Banks stuck with unsold inventory of LBO loans have maintained a fair degree of market discipline, attempting to offload the paper at favorable prices and engaging in financing the sales rather than taking bigger haircuts so as to avoid further writedowns of still-unsold paper.
The sale of LBO paper held by Iceland’s failed banks and hedge funds is expected, particularly in this tight credit environment, to fetch much lower offers than banks are using to mark similar paper. That will lead to further writedowns.
From Bloomberg:
The value of high-risk, high-yield loans slumped amid speculation more than 1 billion euros ($1.4 billion) of debt being sold includes assets seized from Iceland’s banks.Brokers sent details of loans used to fund leveraged buyouts for sale to investors and traders, according to four people who saw the lists.
“There are several bid lists of leveraged loans circulating,” said Louis Gargour, chief investment officer at London-based hedge fund LNG Capital, who is setting up a distressed debt fund. “One is from an Icelandic bank and two are from leveraged hedge funds.”…

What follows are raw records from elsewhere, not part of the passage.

Lemma card_line_points b : normalized b -> (#|line_points b| <= #|F|.+1)%N.
Proof.
case/normalizedP => k bk _.
pose j1 := lift k ord0; pose j2 := lift k (lift ord0 (ord0 : 'I_1)).
have ordP (i : 'I_3) : [\/ i = k, i = j1 | i = j2].
  case: (unliftP k i) => [j ->|->]; last exact: Or31.
  by case: j => -[|[|//]] jlt; [apply: Or32 | apply: Or33]; congr lift; apply: val_inj.
have onb v : on_line b v -> v k = - (b j1 * v j1 + b j2 * v j2).
  rewrite /on_line (bigD1_ord k) //= bk mul1r !big_ord_recl big_ord0 addr0.
  by rewrite -/j1 -/j2 addr_eq0 => /eqP ->.
have scaled v w (c : F) : v \in line_points b -> w \in line_points b ->
    w j1 = c * v j1 -> w j2 = c * v j2 -> w = v.
  rewrite !inE => /andP [nv /onb vk] /andP [nw /onb wk] e1 e2.
  apply: (normalized_scale_eq (c := c)) => // i.
  by case: (ordP i) => ->; rewrite ?e1 ?e2 // wk vk e1 e2; ring.
(* On the line the pivot coordinate is determined by the other two, so a point
   is determined by the ratio v j2 : v j1. *)
pose phi v := if v j1 == 0 then None else Some (v j2 / v j1).
have phi_inj : {in line_points b &, injective phi}.
  move=> v w vb wb; rewrite /phi.
  have [v1|v1] := eqVneq (v j1) 0; have [w1|w1] := eqVneq (w j1) 0 => //.
  - move=> _; have v2 : v j2 != 0.
      move: vb; rewrite inE => /andP [/normalized_neq0 [i vi] /onb vk].
      apply/eqP => v2; move: vi.
      by case: (ordP i) => ->; rewrite ?vk ?v1 ?v2 ?mulr0 ?addr0 ?oppr0 eqxx.
    apply/esym/(scaled v w (w j2 / v j2)) => //; first by rewrite v1 w1 mulr0.
    by rewrite divfK.
  - case=> r; apply/esym/(scaled v w (w j1 / v j1)) => //; first by rewrite divfK.
    by rewrite -[w j2](divfK w1) -r; field.
rewrite -(card_in_imset phi_inj); apply: leq_trans (max_card _) _.
by rewrite card_option.
Qed.

End ProjectivePlane.

Section FormsOfDegreeQMinusOne.
Variable F : finFieldType.
Local Notation q := #|F|.
Local Notation d := #|F|.-1.
Implicit Types a u w : coord3 F.

Lemma card_finField_pred_gt0 : (0 < d)%N.
Proof. by rewrite -subn1 subn_gt0 card_finNzRing_gt1. Qed.

Lemma card_finFieldE : q = d.+1.
Proof. by rewrite prednK // ltnW ?card_finNzRing_gt1. Qed.

Lemma pred_card_lt : (d < q)%N.
Proof. by rewrite {2}card_finFieldE. Qed.

Lemma expf_pred_card (x : F) : x != 0 -> x ^+ d = 1.
Proof.
by move=> x0; apply: (mulfI x0); rewrite -exprS -card_finFieldE expf_card mulr1.
Qed.

Lemma dhomog_reduced n (p : {mpoly F[n]}) : p \is d.-homog -> reduced p.
Proof.
by move=> pd m pm i; apply: leq_ltn_trans (dhomog_mnm_le _ pd pm) pred_card_lt.
Qed.

Lemma dhomog_eval_eq0 (f : {mpoly F[3]}) (v : 'I_3 -> F) :
  f \is d.-homog ->
  (forall n mu, normalized n -> mu != 0 -> (forall i, v i = mu * n i) -> f.@[n] = 0) ->
  f.@[v] = 0.
Proof.
move=> fd fn.
case: (coord3_eq0_or_normalized [ffun i => v i]) => [v0|[n nn [mu mu0 vn]]].
  by apply: (meval_dhomog_eq0 card_finField_pred_gt0 fd) => i; rewrite -(v0 i) ffunE.
have {}vn i : v i = mu * n i by rewrite -vn ffunE.
by rewrite (meval_eq _ vn) (meval_dhomogZ _ _ fd) (fn n mu) ?mulr0.
Qed.

Lemma binary_form_eq0 (G : {mpoly F[2]}) :
  G \is d.-homog -> (forall y, y ord0 != 0 -> G.@[y] = 0) -> G = 0.
Proof.
move=> Gd G0; pose c := G.@[fun i : 'I_2 => (i : nat)%:R].
have ord2 (i : 'I_2) : i = ord0 \/ i = ord_max.
  by case: i => -[|[|//]] ilt; [left | right]; apply: val_inj.
have evalX (m : 'X_{1..2}) y : 'X_[m].@[y] = y ord0 ^+ m ord0 * y ord_max ^+ m ord_max.
  rewrite mevalX !big_ord_recl big_ord0 mulr1.
  by rewrite (_ : lift ord0 ord0 = ord_max) //; apply: val_inj.
have G_axis y : y ord0 = 0 -> G.@[y] = y ord_max ^+ d * c.
  move=> y0; rewrite -(meval_dhomogZ _ _ Gd); apply: meval_eq => i.
  by case: (ord2 i) => ->; rewrite /= ?y0 ?mulr0 ?mulr1.
(* As functions, G = c (X_1^d - X_0^d X_1^d) since y^d = 1 for y != 0; both
   sides are reduced, and G has no monomial of degree 2d. *)
pose m1 : 'X_{1..2} := [multinom (i * d)%N | i < 2].
pose m2 : 'X_{1..2} := [multinom d | i < 2].
pose H := G - c *: ('X_[m1] - 'X_[m2]).
have H0 : H = 0.
  apply: reduced_mpoly_eq0 => [m|y].
    move=> /msuppB_le; rewrite mem_cat => /orP [/(dhomog_reduced Gd)//|].
    move=> /msuppZ_le /msuppB_le; rewrite mem_cat !msuppX !inE.
    case/orP => /eqP -> i; rewrite mnmE ?pred_card_lt //.
    by case: (ord2 i) => ->; rewrite /= ?mul0n ?mul1n; apply: leq_ltn_trans pred_card_lt.
  rewrite /H mevalB mevalZ mevalB !evalX !mnmE /= mul0n mul1n expr0 mul1r.
  have [y0|y0] := eqVneq (y ord0) 0.
    by rewrite G_axis // y0 expr0n gtn_eqF ?card_finField_pred_gt0 // mul0r subr0; ring.
  by rewrite G0 // (expf_pred_card y0) mul1r subrr mulr0 subrr.
have c0 : c = 0.
  have := congr1 (mcoeff m2) H0; rewrite mcoeff0 !mcoeffB mcoeffZ !mcoeffB !mcoeffX eqxx.
  rewrite (dhomog_nemf_coeff Gd); last first.
    suff : (mdeg m2 == d) = false by move=> ->.
    rewrite mdegE big_ord_recl big_ord1 !mnmE -[X in _ == X]addn0 eqn_add2l.
    by rewrite gtn_eqF ?card_finField_pred_gt0.
  have m12 : m1 != m2.
    apply/eqP => /(congr1 (fun m : 'X_{1..2} => m ord0)); rewrite !mnmE mul0n.
    by move=> d0; have := card_finField_pred_gt0; rewrite -d0.
  by rewrite (negbTE m12) /= !sub0r mulrN1 opprK.
by move: H0; rewrite /H c0 scale0r subr0.
Qed.

Lemma eval_eq0_punctured_line (f : {mpoly F[3]}) a u w :
  f \is d.-homog -> normalized u -> normalized w -> u != w ->
  on_line a u -> on_line a w ->
  {in line_points a, forall v, v != w -> f.@[v] = 0} -> f.@[w] = 0.
Proof.
move=> fd nu nw uw au aw f0.
(* G (y0, y1) = f (y0 u + y1 w) vanishes off the point (0 : 1) standing for w. *)
pose G : {mpoly F[2]} := f \mPo [tuple u i *: 'X_ord0 + w i *: 'X_ord_max | i < 3].
have evalG y : G.@[y] = f.@[fun i => y ord0 * u i + y ord_max * w i].
  rewrite comp_mpoly_meval; apply: meval_eq => i.
  by rewrite tnth_mktuple mevalD !mevalZ !mevalXU mulrC [w i * _]mulrC.
have Gd : G \is d.-homog.
  apply: comp_mpoly_dhomog => // i; rewrite tnth_mktuple.
  by apply: rpredD; apply: dhomogZ; apply: dhomog_mX.
have G0 : G = 0.
  apply: binary_form_eq0 => // y y0; rewrite evalG.
  apply: dhomog_eval_eq0 => // n mu nn mu0 zn; apply: f0.
    have {}zn i : [ffun i => y ord0 * u i + y ord_max * w i] i = mu * n i.
      by rewrite ffunE zn.
    by rewrite inE nn -(on_line_scale a mu0 zn) on_line_comb.
  apply: contraNneq uw => nw_eq.
  apply/eqP/(normalized_scale_eq (c := (mu - y ord_max) / y ord0)) => // i.
  have /= := zn i; rewrite nw_eq => zi.
  have {}zi : y ord0 * u i = (mu - y ord_max) * w i by rewrite mulrBl -zi; ring.
  by rewrite -[u i](mulKf y0) zi; field.
have := evalG (fun i => (i : nat)%:R); rewrite G0 meval0 => /esym <-.
by apply: meval_eq => i /=; rewrite mul0r add0r mul1r.
Qed.

Lemma linform_meval a (v : 'I_3 -> F) : (linform a).@[v] = \sum_i a i * v i.
Proof.
by rewrite /linform raddf_sum; apply: eq_bigr => i _; rewrite /= mevalZ mevalXU.
Qed.

Lemma linform_dhomog a : linform a \is 1.-homog.
Proof. by apply: rpred_sum => i _; apply: dhomogZ; apply: dhomog_mX. Qed.

Lemma linform_dvd_of_line_vanishing (f : {mpoly F[3]}) a :
  f \is d.-homog -> normalized a ->
  {in line_points a, forall v : coord3 F, f.@[v] = 0} -> exists g, f = linform a * g.
Proof.
move=> fd na fa.
have [e ae] : exists e : 'I_3 -> F, \sum_i a i * e i = 1.
  case: (normalized_neq0 na) => k ak; exists (fun i => if i == k then (a k)^-1 else 0).
  rewrite (bigD1 k) //= eqxx mulfV // big1 ?addr0 // => i /negbTE ->.
  by rewrite mulr0.
(* sigma projects onto the plane L = 0 along e, so f \mPo sigma vanishes
   everywhere, while f = f \mPo sigma modulo L. *)
pose sigma := [tuple 'X_i - e i *: linform a | i < 3].
have f_sigma : f \mPo sigma = 0.
  apply: reduced_mpoly_eq0 => [|v].
    apply/dhomog_reduced/comp_mpoly_dhomog => // i; rewrite tnth_mktuple.
    by apply: rpredB; [apply: dhomog_mX | apply/dhomogZ/linform_dhomog].
  rewrite comp_mpoly_meval; apply: dhomog_eval_eq0 => // n mu nn mu0 vn; apply: fa.
  have {}vn i : [ffun i => (tnth sigma i).@[v]] i = mu * n i by rewrite ffunE.
  rewrite inE nn -(on_line_scale a mu0 vn) /on_line /=.
  under eq_bigr do
    rewrite ffunE tnth_mktuple mevalB mevalZ mevalXU linform_meval mulrBr mulrA.
  by rewrite sumrB -mulr_suml ae mul1r subrr.
have [g fg] : eqmod (linform a) f (f \mPo sigma).
  apply: eqmod_comp => i; exists (e i)%:MP.
  by rewrite tnth_mktuple opprB addrC subrK -mul_mpolyC mulrC.
by exists g; rewrite -fg f_sigma subr0.
Qed.

Lemma eval_eq0_on_line (f : {mpoly F[3]}) a :
  f \is d.-homog -> normalized a -> (q <= line_count f a)%N ->
  {in line_points a, forall v : coord3 F, f.@[v] = 0}.
Proof.
move=> fd na qc w wa; apply/eqP; apply: contraT => fw.
set Z := [set v in rat_points f | on_line a v].
have ZE : Z = line_points a :\ w.
  apply/eqP; rewrite eqEcard; apply/andP; split.
    apply/subsetP => v; rewrite !inE => /andP [/andP [nv fv] av].
    rewrite nv av /= andbT.
    by apply/eqP => vw; move: fw; rewrite -vw fv.
  have := card_line_points na; rewrite (cardsD1 w) wa add1n ltnS => cw.
  exact: leq_trans cw qc.
have [u uZ] : exists u, u \in Z.
  by apply/set0Pn; rewrite -card_gt0; apply: leq_trans qc; rewrite card_finFieldE.
move: (uZ) wa; rewrite ZE !inE => /andP [uw /andP [nu au]] /andP [nw aw].
suff : f.@[w] = 0 by move/eqP; rewrite (negbTE fw).
apply: (eval_eq0_punctured_line fd nu nw uw au aw) => v va vw.
have : v \in Z by rewrite ZE in_setD1 vw va.
by rewrite !inE => /andP [/andP [_ /eqP]].
Qed.

Lemma line_count_le (f : {mpoly F[3]}) a :
  f \is d.-homog -> ~ has_rat_linear_component f -> normalized a ->
  (line_count f a <= d)%N.
Proof.
move=> fd nlin na; rewrite leqNgt -card_finFieldE; apply/negP => qc; apply: nlin.
exists a; split => //.
by apply: linform_dvd_of_line_vanishing => //; apply: eval_eq0_on_line.
Qed.

End FormsOfDegreeQMinusOne.

Lemma card_bigcup_le (I T : finType) (A : {pred I}) (B : I -> {set T}) :
  (#|\bigcup_(i in A) B i| <= \sum_(i in A) #|B i|)%N.
Proof.
apply: (big_ind2 (fun (X : {set T}) n => #|X| <= n)%N) => [|X1 n1 X2 n2 h1 h2|//].
  by rewrite cards0.
by apply: leq_trans (leq_add h1 h2); rewrite cardsU leq_subr.
Qed.

Lemma card_rat_points_pencil (F : finFieldType) (f : {mpoly F[3]}) (P : coord3 F) :
  P \in rat_points f ->
  (#|rat_points f|.-1 <= \sum_(a in line_points P) (line_count f a).-1)%N.
Proof.
move=> XP; pose Xa a := [set v in rat_points f | on_line a v] :\ P.
have cardXa a : a \in line_points P -> #|Xa a| = (line_count f a).-1.
  rewrite inE on_line_sym => /andP [_ aP].
  by rewrite /line_count [in RHS](cardsD1 P) in_set XP aP.
rewrite (cardsD1 P) XP add1n /=.
apply: (@leq_trans (\sum_(a in line_points P) #|Xa a|)); last first.
  by rewrite (eq_bigr _ cardXa).
apply: leq_trans (card_bigcup_le _ _); apply: subset_leq_card.
apply/subsetP => v; rewrite in_setD1 => /andP [vP vX].
have [a na /andP [aP av]] := exists_line_through P v.
apply/bigcupP; exists a; first by rewrite inE na on_line_sym.
by rewrite /Xa in_setD1 vP in_set vX av.
Qed.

“There are going to be more and more leveraged loans being sold off by a variety of different investors in the coming days and weeks,” said Charlotte Conlan, head of leveraged syndication at BNP Paribas SA in London. This “will inevitably have a knock- on effect on the mark-to-market for the rest of the loan investor community,” she said.






Do they mean 1 billion or 1 trillion euros of debt?